Unsurprisingly, the University appealed the first decision. The Full Federal Court held that the University was able to discipline Dr Ridd.
Justices Griffiths and Derrington held that the Code acted in conjunction with the Agreement to ‘regulate the manner in which’ intellectual freedom is to be applied. In particular, they had regard to the fact that:
the intellectual freedom was not broad ranging, and it came ‘with a responsibility to respect the rights of others’; and
the right of others are set out in the Code, which is expressly referred to and ‘enshrined in’ the Agreement.
Their Honours found that the University’s actions, confidentiality directions and termination were not in breach of the Agreement properly interpreted.
So what now?
In February 2021, the High Court granted Dr Ridd leave to appeal the Full Federal Court’s decision. Dr Ridd is maintaining his argument that the Code should not limit his intellectual freedom in the Agreement.

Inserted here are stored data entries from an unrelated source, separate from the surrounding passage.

Lemma mul_pos_of_weak_sign (x y : R) :
  x <> 0 -> y <> 0 -> (0 <= x /\ 0 <= y) \/ (x <= 0 /\ y <= 0) -> 0 < x * y.
Proof.
  intros hx hy hs.
  destruct (Rtotal_order x 0) as [hx'|[hx'|hx']]; [|contradiction|];
  destruct (Rtotal_order y 0) as [hy'|[hy'|hy']]; try contradiction; nra.
Qed.

Lemma periodic_add_mul {A : Type} (f : Z -> A) (p : Z) :
  (forall k, f (k + p)%Z = f k) -> forall q k, f (k + q * p)%Z = f k.
Proof.
  intros hp q. induction q as [|q IH|q IH] using Z.peano_ind; intros k.
  - now rewrite Z.add_0_r.
  - replace (k + Z.succ q * p)%Z with (k + q * p + p)%Z by ring.
    now rewrite hp.
  - rewrite <- hp.
    replace (k + Z.pred q * p + p)%Z with (k + q * p)%Z by (unfold Z.pred; ring).
    apply IH.
Qed.

Lemma det_injective (p q a b : pt) :
  det p q <> 0 -> det p a = det p b -> det q a = det q b -> a = b.
Proof.
  destruct p as [p1 p2], q as [q1 q2], a as [a1 a2], b as [b1 b2].
  unfold det; simpl. intros hpq ha hb.
  assert (hp : p1 * (a2 - b2) - p2 * (a1 - b1) = 0) by lra.
  assert (hq : q1 * (a2 - b2) - q2 * (a1 - b1) = 0) by lra.
  assert (e1 : (a1 - b1) * (p1 * q2 - p2 * q1) = 0).
  { transitivity (q1 * (p1 * (a2 - b2) - p2 * (a1 - b1)) - p1 * (q1 * (a2 - b2) - q2 * (a1 - b1)));
      [ring | rewrite hp, hq; ring]. }
  assert (e2 : (a2 - b2) * (p1 * q2 - p2 * q1) = 0).
  { transitivity (q2 * (p1 * (a2 - b2) - p2 * (a1 - b1)) - p2 * (q1 * (a2 - b2) - q2 * (a1 - b1)));
      [ring | rewrite hp, hq; ring]. }
  apply Rmult_integral in e1, e2.
  destruct e1, e2; try contradiction. f_equal; lra.
Qed.
Lemma slice_right_ideal (S : kset) i : right_ideal (A := RK) S ->
  right_ideal (A := AR i) (slice S i).
Proof.
case=> _ S0 SD SZ SM; split=> //.
- by rewrite /slice emb0.
- by move=> x y Sx Sy; rewrite /slice embD; apply: SD.
- by move=> k x Sx; rewrite /slice embZ; apply: SZ.
- by move=> x r Sx _; have := SM _ (emb r) Sx (Rk_in_emb r); rewrite Rk_mul_emb emb_self.
Qed.

Lemma slice_coord (S : kset) i x : right_ideal (A := RK) S -> S x -> slice S i (x i).
Proof.
by case=> _ _ _ _ SM Sx; rewrite /slice -Rk_mul_emb1; apply: SM => //; apply: Rk_in_emb.
Qed.

Definition add_emb (S : kset) i (L : R i -> Prop) : kset :=
  fun w => exists s y, [/\ S s, L y & w = kadd RK s (emb y)].

Lemma add_emb_right_ideal (S : kset) i (L : R i -> Prop) :
  right_ideal (A := RK) S -> right_ideal (A := AR i) L -> right_ideal (A := RK) (add_emb S L).
Proof.
case=> Sin S0 SD SZ SM [_ L0 LD LZ LM]; split.
- by move=> _ [s [y [Ss _ ->]]]; apply: Rk_inD; [apply: Sin | apply: Rk_in_emb].
- by exists (kzero RK), 0; split=> //; rewrite emb0 Rk_addr0.
- move=> _ _ [s [y [Ss Ly ->]]] [s' [y' [Ss' Ly' ->]]].
  exists (kadd RK s s'), (y + y'); split; [exact: SD | exact: LD |].
  by rewrite embD; apply: Rk_ext => j /=; rewrite addrACA.
- move=> k _ [s [y [Ss Ly ->]]]; exists (kscale RK k s), (k *: y); split; [exact: SZ | exact: LZ |].
  by rewrite embZ; apply: Rk_ext => j /=; rewrite scalerDr.
- move=> _ r [s [y [Ss Ly ->]]] rin; exists (kmul RK s r), (y * r i).
  split; [exact: SM | exact: LM |].
  by rewrite -Rk_emb_mul; apply: Rk_ext => j /=; rewrite mulrDl.
Qed.

Lemma add_emb_sup (S : kset) i (L : R i -> Prop) : right_ideal (A := AR i) L ->
  ksubset (A := RK) S (add_emb S L).
Proof. by case=> _ L0 _ _ _ x Sx; exists x, 0; split=> //; rewrite emb0 Rk_addr0. Qed.

Lemma add_emb_slice (S : kset) i (L : R i -> Prop) y : right_ideal (A := RK) S ->
  right_ideal (A := AR i) L -> ksubset (A := AR i) (slice S i) L ->
  add_emb S L (emb y) -> L y.
Proof.
move=> Sideal [_ _ LD _ _] SL [s [y' [Ss Ly' e]]].
have -> : y = s i + y' by rewrite -[y](emb_self y) e /= emb_self.
by apply: LD => //; apply: SL; apply: slice_coord.
Qed.

Lemma slice_minimal_over (S J : kset) i z : right_ideal (A := RK) S ->
  minimal_over (A := RK) S J -> J z -> ~ slice S i (z i) ->
  minimal_over (A := AR i) (slice S i) (slice J i).
Proof.
move=> Sideal [Jideal SJ _ Jmin] Jz nSz.
have [_ _ JD _ JM] := Jideal.
split; [exact: slice_right_ideal | by move=> y Sy; apply: SJ |  |].
  by exists (z i); split=> //; apply: slice_coord.
move=> L Lideal SL LJ; case: (Jmin (add_emb S L)).
- exact: add_emb_right_ideal.
- exact: add_emb_sup.
- by move=> _ [s [y [Ss Ly ->]]]; apply: JD; [apply: SJ | apply: LJ].
- move=> LS; left=> y Ly; apply: LS; exists (kzero RK), y.
  by split=> //; [case: Sideal | rewrite Rk_add0r].
- by move=> JL; right=> y /JL; apply: add_emb_slice.
Qed.

Lemma add_emb_minimal_over (S : kset) i (L : R i -> Prop) : right_ideal (A := RK) S ->
  minimal_over (A := AR i) (slice S i) L -> minimal_over (A := RK) S (add_emb S L).
Proof.
move=> Sideal [Lideal SL [y0 [Ly0 nSy0]] Lmin].
have [_ _ SD _ _] := Sideal; have [_ _ LD _ _] := Lideal.
split; [exact: add_emb_right_ideal | exact: add_emb_sup | |].
  exists (emb y0); split=> //; exists (kzero RK), y0.
  by split=> //; [case: Sideal | rewrite Rk_add0r].
move=> J' J'ideal SJ' J'L; have [_ _ J'D _ J'M] := J'ideal.
case: (Lmin (slice J' i)).
- exact: slice_right_ideal.
- by move=> y Sy; apply: SJ'.
- by move=> y /J'L; apply: add_emb_slice.
- move=> J'S; left=> w J'w; have [s [y [Ss Ly ew]]] := J'L _ J'w.
  have Ssy : slice S i (s i + y).
    by apply: J'S; have := slice_coord i J'ideal J'w; rewrite ew /= emb_self.
  have Sy : slice S i y.
    have -> : y = (s i + y) - s i by rewrite addrC addKr.
    by apply: right_idealB (slice_right_ideal i Sideal) _ _ Ssy (slice_coord i Sideal Ss).
  by rewrite ew; apply: SD.
- by move=> LJ'; right=> _ [s [y [Ss Ly ->]]]; apply: J'D; [apply: SJ' | apply: LJ'].
Qed.

Definition add_rprincipal (S : kset) (w : P) : kset :=
  fun v => exists s r, [/\ S s, kin RK r & v = kadd RK s (kmul RK w r)].

Lemma add_rprincipal_right_ideal (S : kset) w : right_ideal (A := RK) S -> kin RK w ->
  right_ideal (A := RK) (add_rprincipal S w).
Proof.
case=> Sin S0 SD SZ SM win; split.
- by move=> _ [s [r [Ss rin ->]]]; apply: Rk_inD; [apply: Sin | apply: Rk_inM].
- exists (kzero RK), (kzero RK); split=> //; first exact: Rk_in0.
  by apply: Rk_ext => j /=; rewrite mulr0 addr0.
- move=> _ _ [s [r [Ss rin ->]]] [s' [r' [Ss' rin' ->]]].
  exists (kadd RK s s'), (kadd RK r r'); split; [exact: SD | exact: Rk_inD |].
  by apply: Rk_ext => j /=; rewrite mulrDr addrACA.
- move=> a _ [s [r [Ss rin ->]]]; exists (kscale RK a s), (kscale RK a r).
  split; [exact: SZ | exact: Rk_inZ |].
  by apply: Rk_ext => j /=; rewrite scalerDr scalerAr.
- move=> _ r' [s [r [Ss rin ->]]] rin'; exists (kmul RK s r'), (kmul RK r r').
  split; [exact: SM | exact: Rk_inM |].
  by apply: Rk_ext => j /=; rewrite mulrDl mulrA.
Qed.

(* Otherwise pick j1, j2 with z_j = k%:A (k != 0) whose slices miss 1: the
   right ideal S + emb_j1(k%:A) R lies strictly between S and J. *)
Lemma cofin_unital_of_minimal_over (S J : kset) z : right_ideal (A := RK) S ->
  minimal_over (A := RK) S J -> J z -> ~ dsum z -> cofin_unital S.
Proof.
move=> Sideal [Jideal SJ _ Jmin] Jz nz; apply: NNPP => ncofin.
have nonunital s : exists i, ~ List.In i s /\ ~ slice S i 1.
  apply: NNPP => nex; apply: ncofin; exists s => i ni; apply: NNPP => nSi.
  by apply: nex; exists i.
have [Jin _ JD _ JM] := Jideal; have [_ S0 _ _ _] := Sideal.
have [k [s zk]] := Jin _ Jz.
have k0 : k != 0.
  by apply/negP => /eqP k0; apply: nz; exists s => i ni; rewrite zk // k0 scale0r.
have Jemb j : ~ List.In j s -> J (emb (k%:A : R j)).
  by move=> js; rewrite -(zk j js) -Rk_mul_emb1; apply: JM => //; apply: Rk_in_emb.
have unital j : slice S j k%:A -> slice S j 1.
  exact: right_ideal_unit_scale (slice_right_ideal j Sideal) k0.
have [j1 [j1s nS1]] := nonunital s.
have [j2 [j2s nS2]] := nonunital (j1 :: s).
case: (Jmin (add_rprincipal S (emb (k%:A : R j1)))).
- by apply: add_rprincipal_right_ideal => //; apply: Rk_in_emb.
- move=> x Sx; exists x, (kzero RK); split=> //; first exact: Rk_in0.
  by apply: Rk_ext => j /=; rewrite mulr0 addr0.
- by move=> _ [s' [r [Ss' rin ->]]]; apply: JD; [apply: SJ | apply: JM => //; apply: Jemb].
- move=> LS; apply: nS1; apply: unital; apply: LS.
  exists (kzero RK), (fun _ => 1); split=> //; first exact: Rk_in1.
  by apply: Rk_ext => j /=; rewrite mulr1 add0r.
- move=> JL; apply: nS2; apply: unital.
  have [s' [r [Ss' _ e]]] := JL _ (Jemb j2 (fun h => j2s (or_intror h))).
  have -> : k%:A = s' j2.
    have j12 : j1 <> j2 by move=> e12; apply: j2s; left.
    by rewrite -[LHS](emb_self (k%:A : R j2)) e /= emb_ne // mul0r addr0.
  exact: slice_coord.
Qed.

End RkSlices.

Section RkSocle.
Variables (K : fieldType) (I : Type) (R : I -> algType K).
Hypothesis infI : infinite_type I.
Local Notation P := (forall i, R i).
Local Notation RK := (Rk R).
Local Notation kset := (P -> Prop).
Local Notation AR i := (alg_kalg (R i)).

Lemma Rk_socle_term_right_ideal (S : kset) : socle_term (A := RK) S -> right_ideal (A := RK) S.
Proof. by move=> stS; apply: (socle_term_right_ideal (Rk_laws R) stS). Qed.

Record coordinatewise (S : kset) : Prop := Coordinatewise {
  slice_socle_term : forall i, socle_term (A := AR i) (slice S i);
  cofin_unital_of_leaves : leaves_dsum S -> cofin_unital S;
  coordinatewiseE : forall x,
    S x <-> [/\ kin RK x, forall i, slice S i (x i) & dsum x \/ leaves_dsum S] }.

Lemma one_off_mul_sub_scale (S : kset) F r : coordinatewise S ->
  (forall i, ~ List.In i F -> slice S i 1) -> kin RK r ->
  exists b : K, S (fun j => one_off R F j * (r j - b%:A)).
Proof.
move=> [Sterm _ SE] SF [b [sr rb]]; exists b; apply/SE; split.
- have -> : (fun j => one_off R F j * (r j - b%:A)) =
      kmul RK (one_off R F) (kadd RK r (kscale RK (- b) (fun _ => 1))).
    by apply: Rk_ext => j /=; rewrite scaleNr.
  apply: Rk_inM; first exact: Rk_in_one_off.
  by apply: Rk_inD; [exists b, sr | apply: Rk_inZ; apply: Rk_in1].
- move=> j; have [_ S0 _ _ _] := alg_socle_term_right_ideal (Sterm j).
  case: (classic (List.In j F)) => jF; first by rewrite one_off_in // mul0r.
  exact: right_ideal_full (alg_socle_term_right_ideal (Sterm j)) (SF j jF) _.
- by left; exists sr => j nj; rewrite rb // subrr mulr0.
Qed.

The issue for the High Court is narrow. It involves the proper interpretation of an enterprise agreement to determine how a policy and the enterprise agreement interact with each other. Do they operate together or does one prevail over the other?
This is not a broad ranging case on whether academics have a free-standing untrammelled intellectual freedom (or employees, a freedom of speech). Rather, the focus is limited to whether the University can rely on the Code of Conduct, in the context of an enterprise agreement, to discipline an employee whose conduct falls foul of the Code.
For employers that have employment contracts, their own codes of conduct and policies setting standards of behaviour, the issue is often can it enforce those standards when an employee can, or is able to, engage in contrary behaviour. Sometimes the boundary is not clear.
Employment is a two-way street. Employees enter employment knowing they owe duties to their employer and need to comply with their employer’s codes and policies in return for their wage. Perhaps this calls for moderation in behaviour if the employee wants to maintain that employment (especially if their behaviour has a direct impact on the business, clients and colleagues).